04/5/2005 TheBuyer: Jawbreaker, it's hot.
04/5/2005 Jawbreaker: Buyer, I just didn't think the "hot" factor was up to par.
04/5/2005 Klause Muppet: Imagine the protagonist as the Buyer in a wig. Hawt!
04/5/2005 TheBuyer: Jawbreaker, maybe so but she's new and bound to get hotter. Also, I'm putting the kaibosch on the word 'hot' or any derivative in regards to this thread. Kaibosch.
04/5/2005 John Slocum: That's hot.
04/5/2005 TheBuyer: yeesh.
04/5/2005 Mr. Pony (4): Yeah, hey, I liked this. I like sandwiches, too, and the way the author repeatedly and purposefully short-circuits any erotic pleasure the average reader could get out of this. Good job, author.

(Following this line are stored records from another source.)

(* For every nonzero ternary cubic form $p\in P_{3,3}$, \[ \frac{\|p\|_\infty}{\|p\|_B}\geq\frac{1}{\sqrt 7}. \] Equality holds if $p=g^*\mathrm{Ch}_{3,3}$ for some $g\in CO(3)$, where $\mathrm{Ch}_{3,3}(x)=x_1^3-3x_1(x_2^2+x_3^2)$.
   Context: $P_{d,n}$ denotes the real vector space of homogeneous polynomials (forms) of degree $d$ in $n$ real variables. For $p\in P_{d,n}$, the uniform norm is $\|p\|_\infty=\max_{\|x\|=1}|p(x)|$, where $\|\cdot\|$ is the Euclidean norm. Writing $p(x)=\sum_{|\alpha|=d}c_\alpha x^\alpha$, the Bombieri norm is \[ \|p\|_B=\Big(\sum_{|\alpha|=d}\binom{d}{\alpha}^{-1}|c_\alpha|^2\Big)^{1/2},\qquad \binom{d}{\alpha}=\frac{d!}{\alpha_1!\cdots\alpha_n!}. \] The conformal orthogonal group is $CO(n)=\mathbb{R}_{>0}\times O(n)$. It acts on $P_{d,n}$ by $(g^*p)(x)=s\,p(\rho^{-1}x)$ for $g=(s,\rho)$. *)

From Stdlib Require Import Reals Lra Arith List ClassicalEpsilon.
Import ListNotations.
Open Scope R_scope.

Record vec3 := mkV { v1 : R; v2 : R; v3 : R }.

Definition euclid_norm (x : vec3) : R :=
  sqrt (v1 x ^ 2 + v2 x ^ 2 + v3 x ^ 2).

(* A ternary cubic form p ∈ P_{3,3}: one real coefficient c_α for each
   multi-index α = (a,b,c) with a+b+c = 3. *)
Record cubic3 := mkCubic {
  c300 : R; c210 : R; c201 : R; c120 : R; c111 : R;
  c102 : R; c030 : R; c021 : R; c012 : R; c003 : R }.

Definition cubic_zero : cubic3 := mkCubic 0 0 0 0 0 0 0 0 0 0.

Definition coeffs (p : cubic3) : list ((nat * nat * nat) * R) :=
  [ ((3,0,0)%nat, c300 p); ((2,1,0)%nat, c210 p); ((2,0,1)%nat, c201 p);
    ((1,2,0)%nat, c120 p); ((1,1,1)%nat, c111 p); ((1,0,2)%nat, c102 p);
    ((0,3,0)%nat, c030 p); ((0,2,1)%nat, c021 p); ((0,1,2)%nat, c012 p);
    ((0,0,3)%nat, c003 p) ].

Definition monom (al : nat * nat * nat) (x : vec3) : R :=
  let '(a, b, c) := al in v1 x ^ a * v2 x ^ b * v3 x ^ c.

Definition eval (p : cubic3) (x : vec3) : R :=
  fold_right (fun ac s => snd ac * monom (fst ac) x + s) 0 (coeffs p).

Definition multinom (al : nat * nat * nat) : R :=
  let '(a, b, c) := al in
  INR (fact (a + b + c)) / (INR (fact a) * INR (fact b) * INR (fact c)).

Definition bombieri_norm (p : cubic3) : R :=
  sqrt (fold_right (fun ac s => / multinom (fst ac) * Rabs (snd ac) ^ 2 + s)
          0 (coeffs p)).

(* Uniform norm ‖p‖_∞ = max_{‖x‖=1} |p(x)|, defined as the least upper bound
   of { |p(x)| : ‖x‖ = 1 } (chosen by classical choice; this lub exists). *)
Definition sphere_values (p : cubic3) (r : R) : Prop :=
  exists x : vec3, euclid_norm x = 1 /\ r = Rabs (eval p x).

Definition uniform_norm (p : cubic3) : R :=
  epsilon (inhabits 0) (fun M => is_lub (sphere_values p) M).

Definition mat3 := nat -> nat -> R.
(* Let $m$ be odd and let $Q_{4m}=\langle a,b\mid a^{2m}=e,\ a^m=b^2,\ b^{-1}ab=a^{-1}\rangle$ be the dicyclic group of order $4m$; set $n=2m$. Then there is no inverse-closed subset $S\subseteq Q_{4m}\setminus\{e\}$ such that $\mathrm{Cay}(Q_{4m},S)$ is a non-trivial bipartite distance-regular graph with diameter $3$, i.e., a distance-regular graph with intersection array $\{k,k-1,k-\mu;1,\mu,k\}$ with $k<n-1$.
   Context: For a finite group $G$ with identity $e$ and a subset $S\subseteq G\setminus\{e\}$ with $S=S^{-1}$, the Cayley graph $\mathrm{Cay}(G,S)$ has vertex set $G$, two vertices $a,b$ being adjacent iff $ab^{-1}\in S$. A connected graph of diameter $d$ is distance-regular with intersection array $\{b_0,\dots,b_{d-1};c_1,\dots,c_d\}$ if for all vertices $x,y$ at distance $i$, the number of neighbours of $x$ at distance $i+1$ (resp. $i-1$) from $y$ is $b_i$ (resp. $c_i$). *)

From mathcomp Require Import all_boot all_order all_fingroup.
Set Implicit Arguments. Unset Strict Implicit. Unset Printing Implicit Defensive.
Import GroupScope.
Local Open Scope group_scope.

Definition cay (gT : finGroupType) (G S : {set gT}) : rel gT :=
  fun x y => [&& x \in G, y \in G & x * y^-1 \in S].

Fixpoint nstep (T : finType) (e : rel T) (n : nat) (x y : T) : bool :=
  match n with
  | 0 => x == y
  | n'.+1 => [exists z, e x z && nstep e n' z y]
  end.

Definition isdist (T : finType) (e : rel T) (i : nat) (x y : T) : bool :=
  nstep e i x y && [forall j : 'I_i, ~~ nstep e j x y].

(* The graph (V, e) is connected, has diameter d, and is distance-regular
   with intersection array {b_0,...,b_{d-1}; c_1,...,c_d}
   (b = [:: b_0; ...; b_{d-1}], c = [:: c_1; ...; c_d]). *)
Definition distance_regular (T : finType) (V : {set T}) (e : rel T)
    (d : nat) (b c : seq nat) : Prop :=
  (size b = d /\ size c = d /\
      (forall x y, x \in V -> y \in V -> exists2 i, i <= d & isdist e i x y) /\
      (exists x y, [/\ x \in V, y \in V & isdist e d x y]) /\
      (forall i x y, x \in V -> y \in V -> isdist e i x y -> i < d ->
         #|[set z in V | e x z && isdist e i.+1 z y]| = nth 0 b i) /\
    (forall i x y, x \in V -> y \in V -> isdist e i x y -> 1 <= i <= d ->
         #|[set z in V | e x z && isdist e i.-1 z y]| = nth 0 c i.-1))%N.

From mathcomp Require Import all_boot all_order all_fingroup.
From mathcomp Require Import cyclic zify.
Set Implicit Arguments. Unset Strict Implicit. Unset Printing Implicit Defensive.
Import GroupScope.

(* In a distance-regular graph whose intersection array
   has a_i = 0 for all i (for instance {k, k-1, k-mu; 1, mu, k}), a neighbour
   of x is at distance i-1 or i+1 from y when x is at distance i from y, so
   the parity of the distance to a fixed vertex flips along every edge.  For
   a Cayley graph Cay(G,S), right translations are automorphisms, and this
   parity eps : G -> bool becomes a group homomorphism with eps s = true for
   s in S.  In Q_{4m} with m odd, a^m = b^2 forces eps a = false, so every
   s in S lies in the coset <a>b, hence s^2 = a^m. *)

Lemma isdist_uniq (T : finType) (e : rel T) i j x y :
  isdist e i x y -> isdist e j x y -> i = j.
Proof.
move=> /andP[walk_i /forallP short_i] /andP[walk_j /forallP short_j].
case: (ltngtP i j) => // [lt_ij | lt_ji].
  by move: (short_j (Ordinal lt_ij)); rewrite walk_i.
by move: (short_i (Ordinal lt_ji)); rewrite walk_j.
Qed.

Lemma isdist0 (T : finType) (e : rel T) x : isdist e 0 x x.
Proof. by rewrite /isdist /= eqxx; apply/forallP => -[]. Qed.

Lemma isdist0_eq (T : finType) (e : rel T) x y : isdist e 0 x y -> x = y.
Proof. by case/andP => /eqP. Qed.

Lemma isdist1 (T : finType) (e : rel T) :
  irreflexive e -> forall x y, isdist e 1 x y = e x y.
Proof.
move=> e_irr x y; rewrite /isdist /=; apply/idP/idP.
  by case/andP => /existsP[z /andP[exz /eqP <-]].
move=> exy; apply/andP; split; first by apply/existsP; exists y; rewrite exy /=.
apply/forallP => -[[|//] _] /=; apply/negP => /eqP xy.
by move: exy; rewrite xy e_irr.
Qed.

Definition dist_parity (T : finType) (e : rel T) (d : nat) (x y : T) : bool :=
  [exists j : 'I_d.+1, isdist e j x y && odd j].

(* The intersection array {b_0,..,b_{d-1}; c_1,..,c_d} has a_i = 0, in the
   weak form b_0 <= b_i + c_i (with b_d = c_0 = 0): every neighbour of a
   vertex at distance i from y is at distance i-1 or i+1 from y. *)
Definition bipartite_array (d : nat) (b c : seq nat) : Prop :=
  forall i, i <= d ->
  nth 0 b 0 <= (if i < d then nth 0 b i else 0) + (if 0 < i then nth 0 c i.-1 else 0).

Lemma bipartite_array3 k mu :
  bipartite_array 3 [:: k; k - 1; k - mu]%N [:: 1; mu; k]%N.
Proof. by case=> [|[|[|[|//]]]] _ /=; lia. Qed.

Section DistanceRegular.

Variables (T : finType) (V : {set T}) (e : rel T) (d : nat) (b c : seq nat).
Hypotheses (e_sym : forall x y, e x y = e y x) (e_irr : irreflexive e)
  (e_V : forall x y, e x y -> (x \in V) && (y \in V)).
Hypotheses (drg : distance_regular V e d b c) (d_gt0 : 0 < d).

Lemma drg_dist_le x y : x \in V -> y \in V -> exists2 i, i <= d & isdist e i x y.
Proof. by case: drg => _ [_ [conn _]]; apply: conn. Qed.

Lemma drg_valency x : x \in V -> #|[set z in V | e x z]| = nth 0 b 0.
Proof.
case: drg => _ [_ [_ [_ [card_b _]]]] xV.
rewrite -(card_b 0 x x xV xV (isdist0 e x) d_gt0).
by apply: eq_card => z; rewrite !inE (isdist1 e_irr) e_sym andbb.
Qed.

(* A vertex at distance d from some vertex has a neighbour one step further
   away than itself, so b_{d-1} > 0. *)
Lemma drg_last_b_pos : 0 < nth 0 b d.-1.
Proof.
case: drg => _ [_ [_ [[u [v [uV vV /andP[walk_uv /forallP short_uv]]]] [card_b _]]]].
case: d walk_uv short_uv card_b d_gt0 => // d' /= /existsP[z /andP[uz walk_zv]] short_uv card_b _.
have zV : z \in V by case/andP: (e_V uz).
have dist_zv : isdist e d' z v.
  apply/andP; split=> //; apply/forallP => j; apply/negP => walk_j.
  have lt_j : j.+1 < d'.+1 by rewrite ltnS.
  by have := short_uv (Ordinal lt_j); rewrite /= negb_exists => /forallP/(_ z); rewrite uz walk_j.
rewrite -(card_b d' z v zV vV dist_zv (ltnSn _)); apply/card_gt0P; exists u.
rewrite !inE uV e_sym uz; apply/andP; split=> //.
rewrite /isdist /=; apply/andP; split; last exact/forallP.
by apply/existsP; exists z; rewrite uz.
Qed.

Hypothesis bip : bipartite_array d b c.

Lemma drg_dist_step i x y z : y \in V -> isdist e i x y -> e x z ->
  isdist e i.+1 z y \/ (0 < i /\ isdist e i.-1 z y).
Proof.
case: drg => _ [_ [_ [_ [card_b card_c]]]] yV dist_xy exz.
have /andP[xV zV] := e_V exz.
have [i' le_i'd dist'] := drg_dist_le xV yV.
have le_id : i <= d by rewrite (isdist_uniq dist_xy dist').
set N := [set w in V | e x w].
set B := [set w in V | e x w && isdist e i.+1 w y].
set C := [set w in V | e x w && isdist e i.-1 w y].
have sub_BC : B :|: C \subset N.
  by apply/subsetP => w; rewrite !inE => /orP[]/and3P[-> ->].
have disj_BC : [disjoint B & C].
  rewrite -setI_eq0; apply/eqP/setP => w; rewrite !inE.
  apply/negP => /andP[/and3P[_ _ dB] /and3P[_ _ dC]].
  by move: (isdist_uniq dB dC); lia.
have card_N : #|N| <= #|B :|: C|.
  have -> : #|B :|: C| = #|B| + #|C| by apply/eqP; rewrite (leq_card_setU B C).2.
  rewrite (drg_valency xV).
  apply: leq_trans (bip le_id) _; apply: leq_add.
    by case: ifP => // lt_id; rewrite (card_b i x y xV yV dist_xy lt_id).
  by case: ifP => // lt0i; rewrite (card_c i x y xV yV dist_xy) ?lt0i.
have zN : z \in N by rewrite inE zV exz.
have BC_N : B :|: C = N by apply/eqP; rewrite eqEcard sub_BC.
move: zN; rewrite -BC_N.
rewrite inE => /orP[]; rewrite inE => /and3P[_ _ dist_zy]; first by left.
case: i dist_xy dist_zy {le_id B C sub_BC disj_BC card_N BC_N} => [|i] dist_xy dist_zy; last by right.
by move: exz; rewrite (isdist0_eq dist_xy) -(isdist0_eq dist_zy) e_irr.
Qed.

Lemma dist_parityE j x y :
  x \in V -> y \in V -> isdist e j x y -> dist_parity e d x y = odd j.
Proof.
move=> xV yV dist_j; have [i le_id dist_i] := drg_dist_le xV yV.
rewrite -(isdist_uniq dist_i dist_j); apply/existsP/idP.
  by case=> l /andP[dist_l odd_l]; rewrite -(isdist_uniq dist_l dist_i).
by move=> odd_i; exists (Ordinal (le_id : i < d.+1)); rewrite dist_i.
Qed.

Lemma dist_parity_adj x y z :
  y \in V -> e x z -> dist_parity e d z y = ~~ dist_parity e d x y.
Proof.
move=> yV exz; have /andP[xV zV] := e_V exz.
have [i _ dist_xy] := drg_dist_le xV yV.
rewrite (dist_parityE xV yV dist_xy).
case: (drg_dist_step yV dist_xy exz) => [dist_zy | [lt0i dist_zy]].
  by rewrite (dist_parityE zV yV dist_zy) /= ?negbK.
by rewrite (dist_parityE zV yV dist_zy); case: i lt0i {dist_xy dist_zy} => //= i; rewrite ?negbK.
Qed.

End DistanceRegular.

Section CayleyParity.

Variables (gT : finGroupType) (G : {group gT}) (S : {set gT}).
Hypotheses (S_sub : S \subset G :\ 1) (S_inv : [set x^-1 | x in S] = S).

(* Inverse-closedness makes the Cayley graph undirected. *)
Lemma cay_sym x y : cay G S x y = cay G S y x.
Proof.
suff cayV u v : u * v^-1 \in S -> v * u^-1 \in S.
  by rewrite /cay; apply/idP/idP => /and3P[-> -> /cayV ->].
by move=> uvS; rewrite -S_inv -[v * u^-1]invgK invMg invgK imset_f.
Qed.

(* 1 \notin S makes it loopless. *)
Lemma cay_irr : irreflexive (cay G S).
Proof.
move=> x; rewrite /cay mulgV; apply/negP => /and3P[_ _ /(subsetP S_sub)].
by rewrite !inE eqxx.
Qed.

Lemma cay_V x y : cay G S x y -> (x \in G) && (y \in G).
Proof. by case/and3P => -> ->. Qed.

Lemma S_subG s : s \in S -> s \in G.
Proof. by move/(subsetP S_sub); rewrite !inE => /andP[]. Qed.

Lemma cay_mulS s w : s \in S -> w \in G -> cay G S (s * w) w.
Proof. by move=> sS wG; rewrite /cay mulgK sS wG groupM // S_subG. Qed.

Lemma cay_nbrs1 z : cay G S z 1 = (z \in S).
Proof.
rewrite /cay invg1 mulg1 group1 /=.
by case zS: (z \in S); rewrite ?andbF ?andbT ?S_subG.
Qed.

(* If every element of S squares to x, then x is adjacent to every neighbour
   of 1; this computes c_2 when x is at distance 2 from 1. *)
Lemma cay_common_nbrs x : x \in G -> (forall s, s \in S -> s * s = x) ->
  #|[set z in G | cay G S x z && isdist (cay G S) 1 z 1]| = #|S|.
Proof.
move=> xG sq_S; apply: eq_card => z; rewrite !inE (isdist1 cay_irr) cay_nbrs1.
case zS: (z \in S); rewrite ?andbF //= andbT.
by rewrite /cay xG S_subG // -(sq_S z zS) mulgK.
Qed.

Variables (d : nat) (b c : seq nat).
Hypotheses (drg : distance_regular G (cay G S) d b c) (d_gt0 : 0 < d)
  (bip : bipartite_array d b c).

Local Notation eps g := (dist_parity (cay G S) d g 1).

Lemma cay_valency : #|S| = nth 0 b 0.
Proof.
rewrite -(drg_valency cay_sym cay_irr drg d_gt0 (group1 G)).
by apply: eq_card => z; rewrite inE cay_sym cay_nbrs1 andb_idl // => /S_subG.
Qed.

Lemma cay_last_b_pos : 0 < nth 0 b d.-1.
Proof. exact: drg_last_b_pos cay_sym cay_V drg d_gt0. Qed.

Lemma eps1 : eps 1 = false.
Proof. by rewrite (dist_parityE drg (group1 G) (group1 G) (isdist0 _ _)). Qed.

Lemma eps_mulS s w : s \in S -> w \in G -> eps (s * w) = ~~ eps w.
Proof.
move=> sS wG.
by rewrite (dist_parity_adj cay_sym cay_irr cay_V drg d_gt0 bip (group1 G) (cay_mulS sS wG)) negbK.
Qed.

(* A walk of length j from x to y factors x y^-1 as a product of j elements
   of S, so it changes the parity by odd j. *)
Lemma eps_walk j x y h : nstep (cay G S) j x y -> y \in G -> h \in G ->
  eps (x * y^-1 * h) = odd j (+) eps h.
Proof.
elim: j x => [|j IH] x /= walk yG hG.
  by rewrite (eqP walk) mulgV mul1g.
case/existsP: walk => z /andP[cay_xz walk_zy].
have /and3P[_ zG xzS] := cay_xz.
have rest : z * y^-1 * h \in G by rewrite !groupM ?groupV.
have -> : x * y^-1 * h = (x * z^-1) * (z * y^-1 * h) by rewrite !mulgA mulgKV.
by rewrite (eps_mulS xzS) // IH // addNb.
Qed.

Lemma epsM g h : g \in G -> h \in G -> eps (g * h) = eps g (+) eps h.
Proof.
move=> gG hG; have [j _ /andP[walk_j _]] := drg_dist_le drg gG (group1 G).
have eps_g : eps g = odd j.
  by have := eps_walk walk_j (group1 G) (group1 G); rewrite invg1 !mulg1 eps1 addbF.
by rewrite eps_g -(eps_walk walk_j (group1 G) hG) invg1 mulg1.
Qed.

Lemma epsX g n : g \in G -> eps (g ^+ n) = odd n && eps g.
Proof.
move=> gG; elim: n => [|n IH]; first by rewrite expg0 eps1.
by rewrite expgS epsM ?groupX // IH /=; case: (odd n); case: (eps g).
Qed.

Lemma eps_cycle g h n : odd n -> g \in G -> h \in G -> g ^+ n = h ^+ 2 ->
  forall y, y \in <[g]> -> eps y = false.
Proof.
move=> odd_n gG hG gn_h2; have eps_g : eps g = false.
  by move: (congr1 (fun y => eps y) gn_h2) => /=; rewrite !epsX // odd_n.
by move=> y /cycleP[k ->]; rewrite epsX // eps_g andbF.
Qed.

Lemma epsS s : s \in S -> eps s.
Proof. by move=> sS; rewrite -[s]mulg1 eps_mulS ?eps1. Qed.

End CayleyParity.

Section Dicyclic.

Variables (gT : finGroupType) (G : {group gT}) (a b : gT) (m : nat).
Hypotheses (G_gen : G :=: <<[set a; b]>>) (am_b2 : a ^+ m = b ^+ 2)
  (a_conj : a ^ b = a^-1).

Lemma conj_cycle y : y \in <[a]> -> y ^ b = y^-1.
Proof. by case/cycleP => n ->; rewrite conjXg a_conj expVgn. Qed.

Lemma b_mul_cycle y : y \in <[a]> -> b * y = y^-1 * b.
Proof. by move=> yA; rewrite [RHS]conjgC conj_cycle ?groupV // invgK. Qed.

Lemma dicyclic_cover : G \subset <[a]> :|: <[a]> :* b.
Proof.
pose U : {set gT} := <[a]> :|: <[a]> :* b.
have U_mul x t : x \in U -> t \in [set a; b] -> x * t \in U.
  have b2A : b * b \in <[a]> by rewrite -expg2 -am_b2 mem_cycle.
  rewrite !inE !mem_rcoset => /orP[xA | xbA] /orP[]/eqP ->.
  - by rewrite groupM ?cycle_id.
  - by rewrite mulgK xA orbT.
  - rewrite -[x](mulgKV b) -(mulgA _ b a) b_mul_cycle ?cycle_id // mulgA mulgK.
    by apply/orP; right; rewrite groupM ?groupV ?cycle_id.
  - by apply/orP; left; rewrite -[x](mulgKV b) -mulgA groupM.
apply/subsetP => g; rewrite G_gen => /gen_prodgP[n [t t_gen ->]].
elim: n t t_gen => [|n IH] t t_gen; first by rewrite big_ord0 !inE group1.
rewrite big_ord_recr /=; apply: U_mul (t_gen _).
exact: (IH (fun i => t (widen_ord (leqnSn n) i))).
Qed.

Lemma coset_sq y : y \in <[a]> -> (y * b) ^+ 2 = a ^+ m.
Proof. by move=> yA; rewrite expg2 -mulgA (mulgA b) b_mul_cycle // -mulgA mulKVg -expg2 am_b2. Qed.

(* a^m is non-trivial when |G| = 4m, since otherwise |G| <= 2 #[a] <= 2m. *)
Lemma am_neq1 : 0 < m -> #|G| = (4 * m)%N -> a ^+ m != 1.
Proof.
move=> m_gt0 cardG; apply/eqP => am1.
have ord_a : #[a] <= m by apply: dvdn_leq => //; rewrite order_dvdn am1.
have := leq_trans (subset_leq_card dicyclic_cover) (leq_card_setU _ _).1.
rewrite cardG card_rcoset -[#|<[a]>|]/#[a]; lia.
Qed.

End Dicyclic.

Theorem proposition5p3 (gT : finGroupType) (G : {group gT}) (a b : gT) (m : nat) :
  odd m ->
  G :=: <<[set a; b]>> ->
  a ^+ (2 * m) = 1 ->
  a ^+ m = b ^+ 2 ->
  a ^ b = a^-1 ->
  #|G| = (4 * m)%N ->
  forall S : {set gT},
    S \subset G :\ 1 ->
    [set x^-1 | x in S] = S ->
    ~ (exists k mu : nat,
         (k < 2 * m - 1)%N /\
         distance_regular G (cay G S) 3 [:: k; k - 1; k - mu]%N [:: 1; mu; k]%N).
Proof.
move=> m_odd G_gen _ am_b2 a_conj cardG S S_sub S_inv [k [mu [_ drg]]].
have bip := bipartite_array3 k mu.
have [aG bG] : a \in G /\ b \in G by rewrite !G_gen !mem_gen ?inE ?eqxx ?orbT.
have amG : a ^+ m \in G := groupX m aG.
have eps_a := eps_cycle S_sub S_inv drg isT bip m_odd aG bG am_b2.
(* every s in S lies in the coset <a>b, so s^2 = a^m *)
have S_sq s : s \in S -> s * s = a ^+ m.
  move=> sS; move: (subsetP (dicyclic_cover G_gen am_b2 a_conj) s (S_subG S_sub sS)).
  rewrite inE => /orP[sA | ]; first by move: (epsS S_sub S_inv drg isT bip sS); rewrite eps_a.
  by rewrite mem_rcoset => yA; rewrite -(mulgKV b s) -expg2 (coset_sq am_b2 a_conj).
have am_dist2 : isdist (cay G S) 2 (a ^+ m) 1.
  have [j le_j3 dist_j] := drg_dist_le drg amG (group1 G).
  have := dist_parityE drg amG (group1 G) dist_j; rewrite eps_a ?mem_cycle //.
  case: j le_j3 dist_j => [|[|[|[|//]]]] //= _ dist0.
  by have := am_neq1 G_gen am_b2 a_conj (odd_gt0 m_odd) cardG; rewrite (isdist0_eq dist0) eqxx.
(* a^m is adjacent to every neighbour of 1, hence c_2 = k *)
have mu_k : mu = k.
  case: (drg) => _ [_ [_ [_ [_ card_c]]]].
  have /= <- := card_c 2 _ _ amG (group1 G) am_dist2 isT.
  have /= <- := cay_valency S_sub S_inv drg isT.
  by rewrite cay_common_nbrs.
by have := cay_last_b_pos S_inv drg isT; rewrite /= mu_k subnn.
Qed.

04/5/2005 anonymous: Thanks, Mr. Pony. Sandwiches are great.

In a non-attempt to be hot, I was basing this on a real life experience. It wasn't unoriginal at the time, Jawbreaker, but I wasn't trying to turn you on either. I appreciate the perspective. Everything eventually becomes a copy of something else. Masturbation is no exception, especially not at the office.
04/5/2005 Klause Muppet: A real life experience you say... Please go on.
04/5/2005 Litcube (4): Yes.
04/5/2005 anonymous: I'll spill a bit because it serves the short. This is a semi-regular "habit" after lunch. Here, the thought of eating lunch is a swift reminder of what is to follow and the story takes off.